On Hopper (H100/H200) and Blackwell (B200/B300) with FP8 Tensor Cores available, FP8 weights with FP8 KV cache (W8A8 FP8) usually beats AWQ INT4 on throughput at equal or better quality — FP8 hardware paths are denser and avoid the dequant step. Reach for AWQ on Hopper specifically when memory pressure forces 4-bit (single-H100 70B serving), when the workload is small-batch decode-dominant (where the dequant overhead is hidden by the decoder bottleneck), or when you have a published AWQ checkpoint and no FP8 conversion budget.
On Ampere (A100, A40, L40S) and AMD MI250 where FP8 is unavailable or kernel-immature, AWQ INT4 is the throughput-favoured production choice. It beats GPTQ INT4 on raw decode tokens-per-second by 10-25 percent on typical Llama-family models, ties or wins on perplexity, and has wider runtime support. The historical GPTQ advantage on Ampere — the Marlin kernel — has been ported to AWQ format (`awq_marlin` in vLLM v0.6+), so the kernel gap has closed.

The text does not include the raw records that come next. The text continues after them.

(* Let $(X,d)$ be a geodesic metric space and $\epsilon\ge0$ such that for all $x,y\in X$, $s,t\ge0$ with $B(x,s)\cap B(y,t)\ne\emptyset$ there exist $\xi\in X$, $R\ge0$ with $d_H(B(x,s)\cap B(y,t),B(\xi,R))\le\epsilon$. Then for every $q\ge0$, all $x,y\in X$, every $q$-path $\mu$ from $x$ to $y$ and every geodesic $\gamma$ from $x$ to $y$, each point of $\mu$ lies within distance $2q+6\epsilon$ of some point of $\gamma$.
   Context: $B(x,r)=\{z\in X: d(x,z)\le r\}$ denotes the closed ball and $d_H$ the Hausdorff distance. For $q\ge0$, a $q$-path from $x$ to $y$ is a continuous path $\mu$ from $x$ to $y$ such that every point $z$ on $\mu$ satisfies $d(x,z)+d(z,y)\le d(x,y)+q$. *)

From Stdlib Require Export Reals.
Open Scope R_scope.

Record is_metric {X : Type} (d : X -> X -> R) : Prop := {
  metric_nonneg : forall x y, 0 <= d x y;
  metric_eq0 : forall x y, d x y = 0 <-> x = y;
  metric_sym : forall x y, d x y = d y x;
  metric_tri : forall x y z, d x z <= d x y + d y z
}.

Definition cball {X : Type} (d : X -> X -> R) (x : X) (r : R) : X -> Prop :=
  fun z => d x z <= r.

(* d_H(A,B) <= eps, where d_H(A,B) = max(sup_{a in A} inf_{b in B} d(a,b),
   sup_{b in B} inf_{a in A} d(a,b)); written out: every point of each set
   has infimal distance <= eps to the other set. *)
Definition hausdorff_le {X : Type} (d : X -> X -> R) (A B : X -> Prop) (eps : R) : Prop :=
  (forall a, A a -> forall delta, 0 < delta -> exists b, B b /\ d a b <= eps + delta) /\
  (forall b, B b -> forall delta, 0 < delta -> exists a, A a /\ d a b <= eps + delta).

Definition is_geodesic {X : Type} (d : X -> X -> R) (x y : X) (gamma : R -> X) : Prop :=
  gamma 0 = x /\ gamma (d x y) = y /\
  forall u v, 0 <= u <= d x y -> 0 <= v <= d x y -> d (gamma u) (gamma v) = Rabs (u - v).

Definition geodesic_space {X : Type} (d : X -> X -> R) : Prop :=
  forall x y, exists gamma, is_geodesic d x y gamma.

Definition continuous_path {X : Type} (d : X -> X -> R) (mu : R -> X) : Prop :=
  forall t, 0 <= t <= 1 -> forall e, 0 < e -> exists delta, 0 < delta /\
    forall s, 0 <= s <= 1 -> Rabs (s - t) < delta -> d (mu s) (mu t) < e.

Definition is_qpath {X : Type} (d : X -> X -> R) (q : R) (x y : X) (mu : R -> X) : Prop :=
  continuous_path d mu /\ mu 0 = x /\ mu 1 = y /\
  forall t, 0 <= t <= 1 -> d x (mu t) + d (mu t) y <= d x y + q.

(* Let z be a point of the q-path and set a = d(x,z), b = d(y,z), so that
   a + b <= d(x,y) + q.  Approximate the lens B(x,a) ∩ B(y,b), which contains z,
   by a ball B(xi,R) up to eps.  Every point of B(xi,R) is eps-close to the
   lens, hence lies in B(x,a+eps) ∩ B(y,b+eps).  If x is in B(xi,R), then
   d(x,y) <= b + eps and z is within q + eps of gamma(0).  Otherwise the point p
   at distance R from xi on a geodesic towards x gives
   d(x,y) <= d(x,p) + d(p,y) <= (a + eps - R) + (b + eps), i.e. R <= q + 2 eps;
   the lens then has diameter at most 2R + 2 eps <= 2q + 6 eps and contains both
   z and a point of gamma. *)

From Stdlib Require Import Reals Lra.
Open Scope R_scope.

Section Lens.

Context {X : Type} (d : X -> X -> R).
Hypothesis Hmetric : is_metric d.

Definition lens (x : X) (a : R) (y : X) (b : R) : X -> Prop :=
  fun z => cball d x a z /\ cball d y b z.

Lemma geodesic_dist_endpoints (x y : X) (gamma : R -> X) (u : R) :
  is_geodesic d x y gamma -> 0 <= u <= d x y ->
  d x (gamma u) = u /\ d y (gamma u) = d x y - u.
Proof.
  intros [G0 [GD Giso]] Hu.
  rewrite <- G0 at 1; rewrite <- GD at 1.
  rewrite !Giso by lra.
  split; [rewrite Rabs_left1 | rewrite Rabs_right]; lra.
Qed.

Lemma geodesic_meets_lens (x y : X) (gamma : R -> X) (a b : R) :
  is_geodesic d x y gamma -> 0 <= a -> 0 <= b -> d x y <= a + b ->
  exists u, 0 <= u <= d x y /\ lens x a y b (gamma u).
Proof.
  intros Hg Ha Hb Hab.
  pose proof (metric_nonneg d Hmetric x y).
  set (u := Rmax 0 (d x y - b)).
  assert (Hu : 0 <= u /\ d x y - b <= u /\ u <= a /\ u <= d x y).
  { unfold u; repeat split; try apply Rmax_l; try apply Rmax_r;
      apply Rmax_lub; lra. }
  exists u; split; [lra |].
  destruct (geodesic_dist_endpoints x y gamma u Hg ltac:(lra)) as [Hxu Hyu].
  unfold lens, cball; lra.
Qed.

Lemma geodesic_exit_point (xi x : X) (r : R) :
  geodesic_space d -> 0 <= r <= d xi x ->
  exists p, d xi p = r /\ d p x = d xi x - r.
Proof.
  intros Hgeod Hr.
  destruct (Hgeod xi x) as [g Hg].
  destruct (geodesic_dist_endpoints xi x g r Hg Hr) as [Hxip Hxp].
  exists (g r); split; [exact Hxip |].
  rewrite (metric_sym d Hmetric); exact Hxp.
Qed.

Context {x y xi : X} {a b r eps : R}.
Hypothesis Hclose : hausdorff_le d (lens x a y b) (cball d xi r) eps.

Lemma ball_in_thick_lens (c : X) :
  cball d xi r c -> d x c <= a + eps /\ d y c <= b + eps.
Proof.
  intros Hc.
  split; apply Rle_plus_epsilon; intros delta Hdelta;
    destruct (proj2 Hclose c Hc delta Hdelta) as [w [[Hxw Hyw] Hwc]];
    unfold cball in *.
  - pose proof (metric_tri d Hmetric x w c); lra.
  - pose proof (metric_tri d Hmetric y w c); lra.
Qed.

Lemma lens_diam_le (z1 z2 : X) :
  lens x a y b z1 -> lens x a y b z2 -> d z1 z2 <= 2 * r + 2 * eps.
Proof.
  intros Hz1 Hz2.
  apply Rle_plus_epsilon; intros delta Hdelta.
  destruct (proj1 Hclose z1 Hz1 (delta / 2) ltac:(lra)) as [c1 [Hc1 Hzc1]].
  destruct (proj1 Hclose z2 Hz2 (delta / 2) ltac:(lra)) as [c2 [Hc2 Hzc2]].
  unfold cball in Hc1, Hc2.
  pose proof (metric_tri d Hmetric z1 c1 z2).
  pose proof (metric_tri d Hmetric c1 xi z2).
  pose proof (metric_tri d Hmetric xi c2 z2).
  pose proof (metric_sym d Hmetric c1 xi).
  pose proof (metric_sym d Hmetric c2 z2).
  lra.
Qed.

Lemma lens_center_near_x : cball d xi r x -> d x y <= b + eps.
Proof.
  intros Hx.
  rewrite (metric_sym d Hmetric).
  exact (proj2 (ball_in_thick_lens x Hx)).
Qed.

Lemma lens_radius_le :
  geodesic_space d -> 0 <= r -> r < d xi x -> r + d x y <= a + b + 2 * eps.
Proof.
  intros Hgeod Hr Hout.
  destruct (geodesic_exit_point xi x r Hgeod ltac:(lra)) as [p [Hxip Hpx]].
  assert (Hxi : cball d xi r xi).
  { unfold cball; rewrite (proj2 (metric_eq0 d Hmetric xi xi) eq_refl); lra. }
  assert (Hp : cball d xi r p) by (unfold cball; lra).
  destruct (ball_in_thick_lens xi Hxi) as [Hxxi _].
  destruct (ball_in_thick_lens p Hp) as [_ Hyp].
  pose proof (metric_tri d Hmetric x p y).
  pose proof (metric_sym d Hmetric x p).
  pose proof (metric_sym d Hmetric y p).
  pose proof (metric_sym d Hmetric x xi).
  lra.
Qed.

End Lens.

Theorem lemma3p4 (X : Type) (d : X -> X -> R) (eps : R)
  (Hmetric : is_metric d) (Hgeod : geodesic_space d) (Heps : 0 <= eps)
  (Hball : forall (x y : X) (s t : R), 0 <= s -> 0 <= t ->
     (exists z, cball d x s z /\ cball d y t z) ->
     exists (xi : X) (Rr : R), 0 <= Rr /\
       hausdorff_le d (fun z => cball d x s z /\ cball d y t z) (cball d xi Rr) eps) :
  forall (q : R), 0 <= q -> forall (x y : X) (mu gamma : R -> X),
    is_qpath d q x y mu -> is_geodesic d x y gamma ->
    forall t, 0 <= t <= 1 ->
      exists u, 0 <= u <= d x y /\ d (mu t) (gamma u) <= 2 * q + 6 * eps.
Proof.
  intros q Hq x y mu gamma [_ [_ [_ Hqpath]]] Hgamma t Ht.
  set (z := mu t).
  pose proof (Hqpath t Ht) as Hab; fold z in Hab.
  pose proof (metric_tri d Hmetric x z y) as Htri.
  rewrite (metric_sym d Hmetric z y) in Hab, Htri.
  pose proof (metric_nonneg d Hmetric x z); pose proof (metric_nonneg d Hmetric y z).
  pose proof (metric_nonneg d Hmetric x y).
  set (a := d x z) in *; set (b := d y z) in *.
  assert (Hz : lens d x a y b z) by (split; apply Rle_refl).
  destruct (Hball x y a b ltac:(lra) ltac:(lra) (ex_intro _ z Hz))
    as [xi [r [Hr Hclose]]].
  destruct (Rle_dec (d xi x) r) as [Hx | Hx].
  - exists 0; split; [lra |].
    destruct Hgamma as [G0 _]; rewrite G0, (metric_sym d Hmetric).
    pose proof (lens_center_near_x d Hmetric Hclose Hx).
    fold a; lra.
  - pose proof (lens_radius_le d Hmetric Hclose Hgeod Hr ltac:(lra)).
    destruct (geodesic_meets_lens d Hmetric x y gamma a b Hgamma
                ltac:(lra) ltac:(lra) ltac:(lra)) as [u [Hu Hgu]].
    exists u; split; [exact Hu |].
    pose proof (lens_diam_le d Hmetric Hclose z (gamma u) Hz Hgu).
    lra.
Qed.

On edge and on-device targets (Jetson Orin, Apple M-series, llama.cpp on consumer GPUs), the trade-off shifts. GGUF Q4_K_M (a llama.cpp quant scheme broadly similar to AWQ) and MLC-LLM's MLC-compiled AWQ checkpoints dominate that space. The Yobitel Edge AI fleet — described in the edge-inference entry — runs llama.cpp with Q4_K_M GGUF when latency is paramount and MLC-LLM with AWQ when WebGPU portability matters; either way, INT4 weight-only is the deployment shape.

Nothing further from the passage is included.